RESULTS: In the 5-year study period, 1989 through 1993, 10.5% (24,094) of all live-born VLBW infants were delivered in Level 1 hospitals. Significant variation across regions was evident, ranging from a regional low of 3.1% to a high of 24.3%. After controlling for multiple factors, the odds of delivering at a Level 1 hospital were decreased for African Americans and South East Asians and increased in Hispanic women as compared with white non-Hispanic women. For all women, less then adequate prenatal care, living in a 50% to 75% urban zip code, and living greater then 25 miles from the nearest NICU significantly increased the odds of VLBW delivery at a Level 1 hospital. For Hispanics, teen pregnancy and having two or more prior infant deaths increased the odds, whereas Medi-Cal as the payer source for delivery and two or more pregnancy complications decreased the odds of a Level 1 VLBW delivery. After taking these factors into account, when compared with Los Angeles, the odds of inappropriate delivery site ranged from 0.37 to 2.75 across California's nine geographic perinatal regions. Of this variation, 78% could be accounted for by the percentage of total births that delivered at a region's Level 1 hospitals.

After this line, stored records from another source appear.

Lemma nonfree_colour_bound :
  (#|edges_of mono_edge| + #|edges_of (inner_edge S colour_class)| <= #|colour_class| * D)%N.
Proof.
have touch u w : inner_edge S colour_class u w -> (u \in colour_class) || (w \in colour_class).
  by case/and4P.
have overlap u w : mono_edge u w -> inner_edge S colour_class u w -> w \in colour_class.
  by case/and4P => _ _ Yw _ /and4P [_ _ wS _]; rewrite inE wS.
apply: leq_trans (double_charge mono_edge_sym mono_edge_irr mono_edge_touch
  (inner_edge_sym _ _) (inner_edge_irr _ _) touch overlap) _.
rewrite -sum_nat_const; apply: leq_sum => x _; apply: leq_trans (deg_le x).
by apply: subset_leq_card; apply/subsetP => y; rewrite !inE => /orP [] /andP [].
Qed.

(* If no neighbour of S outside S has colour a, all a-edges lie inside the
   colour class; counting them from both ends gives the degree-sum bound,
   strict because x0 has a neighbour y0 outside the class, and the clique
   bound. *)
Lemma free_colour_bound x0 y0 :
  (forall u w, e u w -> u \in S -> w \notin S -> Y w != a) ->
  x0 \in colour_class -> y0 \notin colour_class -> e x0 y0 ->
  (2 * #|edges_of mono_edge| + 1 <= #|colour_class| * D)%N /\
  (2 * #|edges_of mono_edge| <= #|colour_class| * (#|colour_class| - 1))%N.
Proof.
move=> free x0A y0A ex0y0; set A := colour_class.
pose N x := [set y | mono_edge x y || mono_edge x y].
have inside u w : mono_edge u w -> w \in A.
  case/and4P => euw _ Yw; rewrite /A /colour_class inE Yw andbT orbC.
  case wS: (w \in S) => //= uS.
  by move: (free u w euw uS); rewrite wS Yw => /(_ isT).
have overlap u w : mono_edge u w -> mono_edge u w -> w \in A by move=> _ /inside.
have two_m : (2 * #|edges_of mono_edge| <= \sum_(x in A) #|N x|)%N.
  rewrite mul2n -addnn; exact: (double_charge mono_edge_sym mono_edge_irr mono_edge_touch
                                 mono_edge_sym mono_edge_irr mono_edge_touch overlap).
have N_sub_nbrs x : N x \subset [set y | e x y].
  by apply/subsetP => y; rewrite !inE orbb => /andP [].
have N_le_class x : x \in A -> (#|N x| <= #|A| - 1)%N.
  move=> xA; rewrite (cardsD1 x A) xA add1n subSS subn0; apply: subset_leq_card.
  apply/subsetP => y; rewrite inE orbb => mxy; rewrite in_setD1 (inside _ _ mxy) andbT.
  by apply: contraTneq mxy => ->; rewrite mono_edge_irr.
have N_lt_deg : (#|N x0| < D)%N.
  apply: leq_trans (deg_le x0); apply: proper_card; apply/properP; split => //.
  by exists y0; rewrite !inE ?ex0y0 // orbb; apply: contra y0A; apply: inside.
split.
  apply: leq_trans (leq_add two_m (leqnn 1)) _; rewrite -sum_nat_const.
  rewrite (bigD1 x0) //= [X in (_ <= X)%N](bigD1 x0) //= addnAC.
  apply: leq_add; first by rewrite addn1.
  by apply: leq_sum => x _; apply: leq_trans (subset_leq_card (N_sub_nbrs x)) (deg_le x).
apply: leq_trans two_m _; rewrite -sum_nat_const; exact: leq_sum N_le_class.
Qed.
Lemma bound_le_wide : 76 / 100 <= W -> bound <= r ^+ 2.
Proof.
move=> W_ge; have Xe := X_midpoint Xc Xd; have Xf := X_midpoint Xa Xd.
have [ac|/bool_neq_cases sides] := eqVneq (side a) (side c).
  by have := same_side Xa Xc ac; have := bound_le_sqdist_ac; lra.
have bd_bound : side b = side d -> bound <= r ^+ 2.
  by move=> /(same_side Xb Xd); have := bound_le_sqdist_bd W_ge; lra.
case: (sides (side b)) => [ba|bc]; case: (sides (side d)) => [da|dc].
- by apply: bd_bound; rewrite ba da.
- case: (sides (side e)) => [ea|ec].
    have := bound_le_ae_be W_ge; have := same_side Xa Xe (esym ea).
    by have := same_side Xb Xe (etrans ba (esym ea)); lra.
  case: (sides (side f)) => [fa|fc].
    have := bound_le_bf_cd W_ge; have := same_side Xc Xd (esym dc).
    by have := same_side Xb Xf (etrans ba (esym fa)); lra.
  have := bound_le_ab_cf W_ge; have := same_side Xa Xb (esym ba).
  by have := same_side Xc Xf (esym fc); lra.
- case: (sides (side e)) => [ea|ec].
    have := bound_le_ae_cb W_ge; have := same_side Xa Xe (esym ea).
    by have := same_side Xc Xb (esym bc); lra.
  have := bound_le_ad_be W_ge; have := same_side Xa Xd (esym da).
  by have := same_side Xb Xe (etrans bc (esym ec)); lra.
- by apply: bd_bound; rewrite bc dc.
Qed.

Lemma bound_le_sqr_radius : bound <= r ^+ 2.
Proof. by have [/bound_le_narrow|/ltW/bound_le_wide] := lerP W (76 / 100). Qed.

End WidthBound.

Lemma quad_radius_ge {R : realType} (a b c d : R * R) r :
  convex_quad_cw a b c d -> c.1 = a.1 + 1 -> c.2 = a.2 ->
  (forall p, quad a b c d p -> a.1 <= p.1 <= c.1) ->
  (forall p q, quad a b c d p -> quad a b c d q -> sqdist p q <= 1) ->
  two_disk_cover (quad a b c d) r ->
  25 / 183 * Num.sqrt (1 + 4 * (b.2 - d.2) ^+ 2) <= r.
Proof.
move=> cvx c1 c2 box diam cover.
have [Qa Qb Qc Qd] := quad_vertices a b c d.
have ac1 : a.1 < c.1 by rewrite c1 ltrDl ltr01.
have /andP[da2 ab2] := cw_quad_above_below cvx (esym c2) ac1.
have [side same_side] := two_disk_cover_sides cover.
apply: mulr_sqrt_le; [lra | exact: two_disk_cover_ge0 Qa cover |].
exact: (bound_le_sqr_radius c1 c2 (ltW ab2) (ltW da2) Qa Qb Qc Qd
          (quad_midpoint a b c d) box diam same_side).
Qed.

Theorem lemma7 (R : realType) (a b c d : R * R) (W : R) :
  convex_quad_cw a b c d ->
  a.2 = c.2 ->
  dist a c = 1 ->
  diam (quad a b c d) = 1 ->
  bb_xmin (quad a b c d) = a.1 ->
  bb_ymax (quad a b c d) = b.2 ->
  bb_xmax (quad a b c d) = c.1 ->
  bb_ymin (quad a b c d) = d.2 ->
  bb_xmax (quad a b c d) - bb_xmin (quad a b c d) = 1 ->
  bb_ymax (quad a b c d) - bb_ymin (quad a b c d) = W ->
  0 < W -> W <= 1 ->
  Num.sqrt (1 + 4 * W ^+ 2) / 4 < (184%:R / 100%:R) * r_opt (quad a b c d).
Proof.
move=> cvx ac2 _ diam1 xmin ymax xmax ymin xw yw W_gt0 _.
have [M1 [M2 Q_bounded]] := quad_bounded a b c d.
have c1 : c.1 = a.1 + 1 by move: xw; rewrite xmax xmin; lra.
have box p : quad a b c d p -> a.1 <= p.1 <= c.1.
  by move=> Qp; rewrite -{1}xmin -xmax (bb_xmin_le Q_bounded Qp) (bb_xmax_ge Q_bounded Qp).
have diam p q : quad a b c d p -> quad a b c d q -> sqdist p q <= 1.
  move=> Qp Qq; have := dist_le_diam Q_bounded Qp Qq.
  by rewrite diam1 dist_le_sqdistE // expr1n.
have cover_ge r : two_disk_cover (quad a b c d) r ->
    25 / 183 * Num.sqrt (1 + 4 * W ^+ 2) <= r.
  by rewrite -yw ymax ymin; exact: quad_radius_ge cvx c1 (esym ac2) box diam.
have := r_opt_ge Q_bounded cover_ge.
have : 0 < Num.sqrt (1 + 4 * W ^+ 2) by rewrite sqrtr_gt0; nra.
lra.
Qed.
(* Let $R$ be a commutative Bezout domain and $A,B\in M_n(R)$. Then there exists an invertible $2n\times 2n$ matrix $F$ over $R$ such that $$\begin{pmatrix} A & B\\ 0 & B\end{pmatrix}F=\begin{pmatrix} D & 0\\ * & M\end{pmatrix},$$ where $D$ is a left greatest common divisor of $A$ and $B$ and $M$ is a right least common multiple of $A$ and $B$ (here $*$ denotes some $n\times n$ matrix).
   Context: A commutative Bezout domain is a commutative integral domain with $1\ne0$ in which every finitely generated ideal is principal. For $A,B\in M_n(R)$: $D$ is a left common divisor of $A,B$ if $A=DA_1$, $B=DB_1$ for some $A_1,B_1\in M_n(R)$; $D$ is a left greatest common divisor if moreover every left common divisor $D'$ of $A,B$ is a left divisor of $D$ (i.e. $D=D'C$ for some $C$). $M$ is a right common multiple of $A,B$ if $M=AP=BQ$ for some $P,Q\in M_n(R)$; it is a right least common multiple if moreover $M$ is a left divisor of every right common multiple of $A$ and $B$. *)

From mathcomp Require Import all_boot all_algebra.
Set Implicit Arguments. Unset Strict Implicit. Unset Printing Implicit Defensive.
Import GRing.Theory.
Local Open Scope ring_scope.

(* A commutative Bezout domain: an integral domain (idomainType, so 1 != 0)
   in which every finitely generated ideal is principal. *)
Definition bezout_domain (R : idomainType) : Prop :=
  forall (k : nat) (a : 'I_k -> R), exists d : R,
    forall x : R, (exists c : 'I_k -> R, x = \sum_(i < k) c i * a i)
                  <-> (exists y : R, x = y * d).

Definition left_divisor (R : idomainType) (n : nat) (D A : 'M[R]_n) : Prop :=
  exists C : 'M[R]_n, A = D *m C.

Definition left_common_divisor (R : idomainType) (n : nat) (A B D : 'M[R]_n) : Prop :=
  left_divisor D A /\ left_divisor D B.

Definition left_gcd (R : idomainType) (n : nat) (A B D : 'M[R]_n) : Prop :=
  left_common_divisor A B D /\
  forall D' : 'M[R]_n, left_common_divisor A B D' -> left_divisor D' D.

Definition right_common_multiple (R : idomainType) (n : nat) (A B M : 'M[R]_n) : Prop :=
  exists P Q : 'M[R]_n, M = A *m P /\ M = B *m Q.

Definition right_lcm (R : idomainType) (n : nat) (A B M : 'M[R]_n) : Prop :=
  right_common_multiple A B M /\
  forall M' : 'M[R]_n, right_common_multiple A B M' -> left_divisor M M'.

(* Over a Bezout domain, a unimodular 2x2 column operation built from a Bezout
   relation d = x a + y b replaces two entries a, b of a row by d and 0.
   Sweeping the rows one at a time gives a column echelon form: every row adds
   at most one pivot column, pivots are taken in a prescribed order of the
   columns, the remaining free columns vanish on the processed rows, and every
   vector in the kernel is supported on the free columns.
   With the pivots pushed to the left this gives [A B] F1 = [D 0], and D is a
   left gcd of A and B because F1 is invertible. A second sweep acts only on
   the free columns of [A B] F1, hence does not change it, and pushes the
   pivots of [0 B] F1 to the right; in the result [0 B] F = [X M] the block X
   vanishes on every column that can carry a vector of ker D. So ker D lies in
   ker X, and for a common right multiple A P = B Q the kernel vector
   F^-1 (P; -Q) of [A B] exhibits B Q as M times a matrix. *)

From mathcomp Require Import all_boot all_algebra ring zify.
Set Implicit Arguments. Unset Strict Implicit. Unset Printing Implicit Defensive.
Import GRing.Theory.
Local Open Scope ring_scope.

CONCLUSION: The overall state average of 10.5% deliveries of VLBW at Level 1 hospitals, although close to the 10% national objective for the year 2000, did not indicate the wide variation seen across California's nine geographic regions. Risk-adjusted regional differences in the likelihood of inappropriate delivery site for the high-risk VLBW infants suggest that reaching the Healthy People 2000 objective will require further strengthening of California's perinatal regional networks, especially in those regions where a high percentage of total births deliver at Level 1 hospitals.